Redundant Internet Access?
Supp0rtLinux asks: "In order to meet uptime requirements and SLAs, we decided to get redundant T1's with BGP. We already had two Cisco 7200 routers and a T1. After the ISP turned up the additional circuit and we tested everything on our end, all seemed fine. But when the CO lost power and the generator failed, we had no access for 16+ hours. This prompted some investigations which revealed that yes, we did in fact have a redundant T1 with BGP setup and local redundant routers with separate UPS... on our side. However, on their side both our feeds were plugged into the *same* switch which was on the same PDU which happened to be in the same CO and was on the same sonet. And they were charging us for redundancy! Six month later, we have a truly redundant BGP setup. Each feed goes to separate CO's with the primary to the local one. This makes for separate physical switches, separate power, and we have confirmed we're on physically separate sonets. Now, the only true single point of failure is the physical cabling in the street, but in CA that doesn't get damaged very often. To those of you on Slashdot who know what I'm talking about: are your circuits truly redundant? What have your experiences in network redundancy been? How have you gotten past the sales guy to a tech that knows what redundancy really means? Have you been able to prove your redundancy? Have you found yourself paying for something that you weren't really getting?"
I haven't put the "on" to our redundancy just yet, but I can assure you one thing. When I do, two different companies will be providing the circuits.
Having them in two COs, redundant everything, yet linked to the same AS(when it isn't mine) makes me nervous.

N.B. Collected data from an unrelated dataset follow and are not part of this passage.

(* For $q\ge1$, the generating function $P_{q,1}(x)=\sum_{n\ge0}p_nx^n$, where $p_n$ is the total number of occurrences of the letter $1$ in all $q$-decreasing words of length $n$, is $$P_{q,1}(x)=\frac{x\left(1-qx^q+qx^{q+1}-2x^{q+1}+x^{2q+2}\right)}{\left(1-2x+x^{q+2}\right)^2},$$ and the generating function for the total number of occurrences of the letter $0$ in all $q$-decreasing words of length $n$ is $$P_{q,0}(x)=\frac{x\left(1-x^q\right)}{\left(1-2x+x^{q+2}\right)^2}.$$
   Context: For $q\ge1$, a binary word is $q$-decreasing if for every maximal run of $0$s, of length $a>0$, together with the (possibly empty) maximal run of $1$s immediately following it, of length $b$, one has $q\cdot a>b$. *)

From mathcomp Require Import all_boot all_order all_algebra.
Set Implicit Arguments. Unset Strict Implicit. Unset Printing Implicit Defensive.
Import GRing.Theory.

(* Binary words are [seq bool]: letter 0 = false, letter 1 = true. *)

(* [qdec q w]: for every maximal run of 0s of length a > 0 together with the
   (possibly empty) maximal run of 1s immediately following it, of length b,
   we have q * a > b.  The run pair is located as w = u ++ 0^a ++ 1^b ++ v,
   where u = take i w, v = drop (i+a+b) w; maximality means: u is empty or
   ends with 1, v is empty or starts with 0, and if b = 0 then v is empty. *)
Definition qdec (q : nat) (w : seq bool) : bool :=
  [forall i : 'I_(size w).+1, forall a : 'I_(size w).+1, forall b : 'I_(size w).+1,
    let u := take i w in
    let v := drop (i + a + b) w in
    [&& w == u ++ nseq a false ++ nseq b true ++ v, 0 < a, last true u,
        ~~ head false v & (0 < b) || (v == [::])] ==> (b < q * a)].

Definition p1 (q n : nat) : nat :=
  \sum_(w : n.-tuple bool | qdec q w) count (fun c => c == true) w.
Definition p0 (q n : nat) : nat :=
  \sum_(w : n.-tuple bool | qdec q w) count (fun c => c == false) w.

Local Open Scope ring_scope.

Definition gf_trunc (f : nat -> nat) (N : nat) : {poly int} :=
  \poly_(i < N) (f i)%:R.

Definition den (q : nat) : {poly int} := 1 - 2%:R *: 'X + 'X^(q + 2).

Definition num1 (q : nat) : {poly int} :=
  'X * (1 - q%:R *: 'X^q + q%:R *: 'X^(q + 1) - 2%:R *: 'X^(q + 1) + 'X^(2 * q + 2)).

Definition num0 (q : nat) : {poly int} := 'X * (1 - 'X^q).

From mathcomp Require Import all_boot all_order all_algebra.
From mathcomp Require Import zify ring.
Set Implicit Arguments. Unset Strict Implicit. Unset Printing Implicit Defensive.
Import GRing.Theory.

(* Appending 0 to a q-decreasing word always gives a q-decreasing word; appending 1
   does so unless the word is tight, i.e. ends with a maximal block 0^a 1^(qa-1).  A
   tight word is u 0^a 1^(qa-1) with u q-decreasing and empty or ending in 1, and the
   block for a+1 has one more 0 and q more 1s than the block for a.  Weighting words by
   1 or by their number of letters l, this gives linear recurrences between the sums
   over all, over tight, and over empty-or-1-ending q-decreasing words.  On generating
   functions truncated at x^N they form a linear system, whose elimination yields
   (1 - 2x + x^(q+2)) C = 1 - x^(q+1) for the generating function C of q-decreasing
   words and then the stated P_{q,l}. *)

Fixpoint words n : seq (seq bool) :=
  if n is n'.+1 then [seq rcons w b | w <- words n', b <- [:: false; true]]
  else [:: [::]].

Lemma mem_words n w : (w \in words n) = (size w == n).
Proof.
elim: n w => [|n IHn] w; first by case: w.
apply/allpairsPdep/idP => [[u [b [u_in _ ->]]]|].
  by rewrite size_rcons eqSS -IHn.
case/lastP: w => [//|u b]; rewrite size_rcons eqSS -IHn => u_in.
by exists u, b; case: b.
Qed.

Lemma uniq_words n : uniq (words n).
Proof.
elim: n => [//|n IHn]; apply: allpairs_uniq => //.
by move=> [u b] [v c] _ _ /= /rcons_inj[-> ->].
Qed.

Section WordSums.

Variable R : nmodType.
Local Open Scope ring_scope.
Implicit Types F : seq bool -> R.

Lemma big_tuple_words n F : \sum_(t : n.-tuple bool) F t = \sum_(w <- words n) F w.
Proof.
rewrite -(big_map val xpredT F); apply/perm_big/uniq_perm.
- by rewrite map_inj_uniq ?index_enum_uniq //; apply: val_inj.
- exact: uniq_words.
move=> w; rewrite mem_words; apply/mapP/idP => [[t _ ->]|/eqP w_n].
  by rewrite size_tuple.
by exists (Tuple (introT eqP w_n)); rewrite ?mem_index_enum.
Qed.

Lemma big_words_rcons n F :
  \sum_(w <- words n.+1) F w = \sum_(w <- words n) (F (rcons w false) + F (rcons w true)).
Proof.
rewrite big_allpairs_dep; apply: eq_bigr => w _.
by rewrite big_cons big_seq1.
Qed.

Lemma big_words_cat k m F :
  \sum_(w <- words (k + m)) F w = \sum_(u <- words k) \sum_(v <- words m) F (u ++ v).
Proof.
elim: m F => [|m IHm] F.
  by rewrite addn0; apply: eq_bigr => u _; rewrite big_seq1 cats0.
rewrite addnS big_words_rcons IHm; apply: eq_bigr => u _.
by rewrite big_words_rcons; apply: eq_bigr => v _; rewrite !rcons_cat.
Qed.

Lemma big_words_pred1 m v0 (x : R) : size v0 = m ->
  \sum_(v <- words m) (if v == v0 then x else 0) = x.
Proof.
move=> v0_m; rewrite (bigD1_seq v0) ?uniq_words ?mem_words ?v0_m //= eqxx big1 ?addr0 //.
by move=> v /negPf ->.
Qed.

End WordSums.

Lemma nseqSr (T : Type) n (x : T) : nseq n.+1 x = rcons (nseq n x) x.
Proof. by elim: n => //= n <-. Qed.

Section QDecreasing.

Variable q : nat.

Definition qdec_runs (w : seq bool) : Prop :=
  forall u a b v, w = u ++ nseq a false ++ nseq b true ++ v -> 0 < a ->
    last true u -> ~~ head false v -> (0 < b) || (v == [::]) -> b < q * a.

Lemma qdecP w : reflect (qdec_runs w) (qdec q w).
Proof.
apply: (iffP forallP) => [qw u a b v w_eq a_gt0 u1 v0 bv | qw i].
  have size_w : size w = size u + a + b + size v.
    by rewrite w_eq !size_cat !size_nseq !addnA.
  have [ltu lta ltb] : [/\ size u < (size w).+1, a < (size w).+1 & b < (size w).+1].
    by split; lia.
  move: (qw (Ordinal ltu)) => /forallP/(_ (Ordinal lta))/forallP/(_ (Ordinal ltb)).
  move/implyP; apply.
  have -> : take (size u) w = u by rewrite w_eq take_size_cat.
  have -> : drop (size u + a + b) w = v.
    by rewrite w_eq !catA drop_size_cat // !size_cat !size_nseq.
  by rewrite -w_eq eqxx a_gt0 u1 v0 bv.
apply/forallP => a; apply/forallP => b; apply/implyP => /and5P[/eqP w_eq].
exact: qw w_eq.
Qed.

Lemma qdec_nil : qdec q [::].
Proof.
apply/qdecP => u a b v /(congr1 size); rewrite !size_cat size_nseq /=; lia.
Qed.

Lemma qdec_rconsP w y : qdec q w ->
  reflect (forall u a b, rcons w y = u ++ nseq a false ++ nseq b true ->
             0 < a -> last true u -> b < q * a)
          (qdec q (rcons w y)).
Proof.
move=> /qdecP qw; apply: (iffP (qdecP _)) => [qwy u a b wy_eq a_gt0 u1 | final u a b v].
  by apply: (qwy u a b [::]); rewrite ?cats0 ?orbT.
case/lastP: v => [|v z]; first by rewrite cats0 => /final fin /fin/[apply].
rewrite -!rcons_cat => /rcons_inj[w_eq _] a_gt0 u1 v0 bv; apply: qw w_eq _ _ _ _ => //.
  by case: v v0 {bv}.
by case: v bv {v0} => [|x v]; rewrite ?eqxx ?orbT //= orbF.
Qed.

Definition tight_block a := nseq a false ++ nseq (q * a).-1 true.

Lemma size_tight_block a : size (tight_block a) = a + (q * a).-1.
Proof. by rewrite size_cat !size_nseq. Qed.

Lemma size_tight_blockS a : 0 < a -> size (tight_block a.+1) = size (tight_block a) + q.+1.
Proof.
by move=> a_gt0; rewrite !size_tight_block mulnS; case: q => [|p]; rewrite ?mul0n //= addnS; lia.
Qed.

Definition tight a w :=
  let k := size w - size (tight_block a) in
  [&& 0 < a, size (tight_block a) <= size w, drop k w == tight_block a & last true (take k w)].

Lemma tight_cat a u v : size v = size (tight_block a) ->
  tight a (u ++ v) = [&& 0 < a, v == tight_block a & last true u].
Proof. by move=> v_a; rewrite /tight size_cat -v_a leq_addl addnK drop_size_cat ?take_size_cat. Qed.

Lemma tightP a w :
  reflect (0 < a /\ exists2 u, last true u & w = u ++ tight_block a) (tight a w).
Proof.
apply: (iffP idP) => [/and4P[a_gt0 _ /eqP w2 w1] | [a_gt0 [u u1 ->]]].
  by split => //; exists (take (size w - size (tight_block a)) w); rewrite // -{2}w2 cat_take_drop.
by rewrite tight_cat // a_gt0 eqxx u1.
Qed.

Definition trail (x : bool) (s : seq bool) := find (predC1 x) (rev s).

Definition last_runs (w : seq bool) : nat * nat :=
  let b := trail true w in (trail false (take (size w - b) w), b).

Lemma last_runs_cat u a b : last true u -> 0 < a ->
  last_runs (u ++ nseq a false ++ nseq b true) = (a, b).
Proof.
move=> u1 a_gt0; rewrite /last_runs catA.
have trail_u : trail false (u ++ nseq a false) = a.
  rewrite /trail rev_cat rev_nseq find_cat has_nseq andbF size_nseq.
  case/lastP: u u1 => [|u y]; rewrite ?last_rcons ?rev_rcons /=; first by rewrite addn0.
  by move=> ->; rewrite addn0.
have -> : trail true ((u ++ nseq a false) ++ nseq b true) = b.
  rewrite /trail rev_cat rev_nseq find_cat has_nseq andbF size_nseq rev_cat rev_nseq.
  by case: a a_gt0 {trail_u} => //= a _; rewrite addn0.
by rewrite size_cat size_nseq addnK take_size_cat ?trail_u.
Qed.

Lemma tight_uniq a a' w : tight a w -> tight a' w -> a = a'.
Proof.
move=> /tightP[a_gt0 [u u1 ->]] /tightP[a'_gt0 [u' u'1]] /(congr1 last_runs).
by rewrite /tight_block !last_runs_cat // => -[].
Qed.

Lemma tight_size a w : tight a w -> a <= size w.
Proof. by case/and4P=> _ /(leq_trans _)-> //; rewrite size_cat size_nseq leq_addr. Qed.

Definition ends_tight w := [exists a : 'I_(size w).+1, tight a w].

Lemma ends_tightP w : reflect (exists a, tight a w) (ends_tight w).
Proof.
apply: (iffP existsP) => [[a] | [a wa]]; first by exists a.
by exists (Ordinal (tight_size wa : a < (size w).+1)).
Qed.

Lemma ends_tight_cat u a b : last true u -> 0 < a ->
  ends_tight (u ++ nseq a false ++ nseq b true) = (b == (q * a).-1).
Proof.
move=> u1 a_gt0; apply/ends_tightP/eqP => [[a' /tightP[a'_gt0 [u' u'1]]] | ->].
  by move/(congr1 last_runs); rewrite /tight_block !last_runs_cat // => -[<- <-].
by exists a; apply/tightP; split => //; exists u.
Qed.

Hypothesis q_gt0 : 0 < q.

Lemma qdec_rcons_prefix w y : qdec q (rcons w y) -> qdec q w.
Proof.
move=> /qdecP qwy; apply/qdecP => u a b [|z v] w_eq a_gt0 u1 v0 bv; last first.
  by apply: (qwy u a b (rcons (z :: v) y)); rewrite ?w_eq -?rcons_cat //= orbF in bv *.
case: b w_eq {bv} => [|b] w_eq; first by rewrite muln_gt0 q_gt0.
case: y qwy => qwy.
  apply: ltnW (qwy u a b.+2 [::] _ _ _ _ _) => //; rewrite ?eqxx ?orbT //.
  by rewrite w_eq !cats0 (nseqSr b.+1) !rcons_cat.
by apply: (qwy u a b.+1 [:: false]); rewrite // w_eq cats0 -cats1 -!catA.
Qed.

Lemma qdec_rcons0 w : qdec q (rcons w false) = qdec q w.
Proof.
apply/idP/idP => [/qdec_rcons_prefix // | qw]; apply/qdec_rconsP => // u a [|b].
  by rewrite muln_gt0 q_gt0.
by move/(congr1 (last true)); rewrite !last_cat last_rcons nseqSr last_rcons.
Qed.

Lemma qdec_rcons1 w : qdec q (rcons w true) = qdec q w && ~~ ends_tight w.
Proof.
apply/idP/andP => [qw1 | [qw wt]].
  have qw := qdec_rcons_prefix qw1; split => //.
  apply/ends_tightP => -[a /tightP[a_gt0 [u u1 w_eq]]].
  have: q * a < q * a; last by rewrite ltnn.
  move/(qdec_rconsP _ qw): qw1 => /(_ u a (q * a)); apply=> //.
  by rewrite w_eq /tight_block !rcons_cat -nseqSr prednK // muln_gt0 q_gt0.
apply/qdec_rconsP => // u a [|b].
  by move=> _ a_gt0; rewrite muln_gt0 q_gt0.
rewrite nseqSr -!rcons_cat => /rcons_inj[w_eq] a_gt0 u1.
move/qdecP: qw => /(_ u a b [::]); rewrite w_eq cats0 eqxx orbT.
move=> /(_ erefl a_gt0 u1 isT isT); move: wt; rewrite w_eq ends_tight_cat //; lia.
Qed.

Lemma qdec_cat_block u a b : last true u -> 0 < a ->
  qdec q (u ++ nseq a false ++ nseq b true) = qdec q u && (b < q * a).
Proof.
move=> u1 a_gt0; elim: b => [|b IHb].
  rewrite cats0 muln_gt0 q_gt0 a_gt0 !andbT.
  elim: a {a_gt0} => [|a IHa]; first by rewrite cats0.
  by rewrite nseqSr -rcons_cat qdec_rcons0.
rewrite nseqSr -!rcons_cat qdec_rcons1 IHb ends_tight_cat // -andbA.
by congr (_ && _); apply/idP/idP; lia.
Qed.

Having "redundant" circuits to the same provider is pretty useless. You really need to be connected to two completely separate upstream providers for decent redundancy. If you have mission-critical needs, you want 3.
-Randy
When ordering DS1s from a telco, you generally have to specify diverse routing to get them nailed to a different CO!
-psy
Even though you have redudant circuts, that doesn't .. a few weeks ago my company suffered about 8 hours of downtime because of a MCI fuckup/russian company advertising routes for about ~100 of ATT's customers. Our systems were up the whole time but a good deal of the internet was trying to route traffic for those networks through russia.
..
mean you have redudant internet access. BGP can still fail.
That is
MCI/worldcom says it happened because a fiber was cut in ohio, which exposed a weakpoint, eventually after much escalation MCI added acls to block those routes from being advertised accross their network.
During the downtime depending on where you connected from you had up to 99% packet loss. ATT claims fully redudant OC-somethings comming into the data center(we colo with their ATT ENS branch), all it took was one little fucker on the net to advertise routes to screw us(and others) over.
not being a network guru I am not certain how the average company could defend themselves against such a problem. seems many router peering setups operate on the grounds that they trust each other to do the right thing
of course ATT doesn't have to say anything to the public, I think the government regulations say that the telecom companies must go public with info if it impacts more than 15,000 of their customers(forgot where I read that). In this case they claimed it affected less than 100. Perhaps only those located at the same datacenter as my company's stuff, a datacenter which appears to be more than 60% vacant.
So, just a second...
Both your T-1's go to the same ISP? Why are you running BGP then? You aren't gaining anything from this except for added complexity. If you're going to continue with this setup, drop the BGP and bond the T-1's together.
The only reason you would want to run BGP is if you had separate links to different ISPs. This is the best way to do it when going for added redundancy. Then if one ISP has a problem, your routes only get propagated out the other link. Keep in mind that you will probably have to play around with as-path prepending and some other things to balance your traffic properly when you do this. And keep in mind that if your total bandwidth exceeds that of one T-1, when one of them does fail, you are going to saturate the other one. If you make sure you get enough bandwidth to prevent this from happening, you won't need to play around with balancing the traffic so much either.
There are a couple of companies out there that make BGP load balancing devices that will look at the load on each of your links, and make modifications accordingly. I've never used one, and have no idea how well they work. F5 I think makes one, and there was another I looked at awhile back that cost $8k or so, but I forgot the name of it now.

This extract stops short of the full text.